Could you set down exactly the lines of the data below, starting at the one that holds "strictly larger than" and ending at the one that holds "(forall x, ex_derive psi x) /\", both included, and only those?

(GIVEN RECORDS begins)

(* (phi, lam) is an eigenpair of F_c, phi real and L^2[-1,1]-normalized,
   and phi is extended to all of R by  lam * phi(x) = F_c[phi](x). *)
Definition pswf_eigenpair (c : R) (phi : R -> R) (lam : C) : Prop :=
  ex_RInt (fun t => phi t ^ 2) (-1) 1 /\
  RInt (fun t => phi t ^ 2) (-1) 1 = 1 /\
  (forall x : R, @ex_RInt C_R_NormedModule (Fc_integrand c phi x) (-1) 1) /\
  (forall x : R, (lam * RtoC (phi x))%C = Fc c phi x).

Definition Fc_eigenvalue (c : R) (mu : C) : Prop :=
  exists phi : R -> R, pswf_eigenpair c phi mu.

(* psi is (a choice of) the n-th prolate spheroidal wave function of band
   limit c, with eigenvalue lam: exactly n eigenvalues of F_c have modulus
   strictly larger than |lam| (ordering |lam_0| >= |lam_1| >= ...). *)
Definition is_pswf (c : R) (n : nat) (psi : R -> R) (lam : C) : Prop :=
  pswf_eigenpair c psi lam /\
  exists l : list C, length l = n /\ NoDup l /\
    forall mu : C, In mu l <-> (Fc_eigenvalue c mu /\ Cmod lam < Cmod mu).

Definition prolate_ode (c chi : R) (psi : R -> R) : Prop :=
  (forall x, ex_derive psi x) /\
  (forall x, ex_derive (Derive psi) x) /\
  (forall x, (1 - x ^ 2) * Derive (Derive psi) x - 2 * x * Derive psi x
             + (chi - c ^ 2 * x ^ 2) * psi x = 0).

(GIVEN RECORDS ends)

FINAL ANSWER:
   strictly larger than |lam| (ordering |lam_0| >= |lam_1| >= ...). *)
Definition is_pswf (c : R) (n : nat) (psi : R -> R) (lam : C) : Prop :=
  pswf_eigenpair c psi lam /\
  exists l : list C, length l = n /\ NoDup l /\
    forall mu : C, In mu l <-> (Fc_eigenvalue c mu /\ Cmod lam < Cmod mu).

Definition prolate_ode (c chi : R) (psi : R -> R) : Prop :=
  (forall x, ex_derive psi x) /\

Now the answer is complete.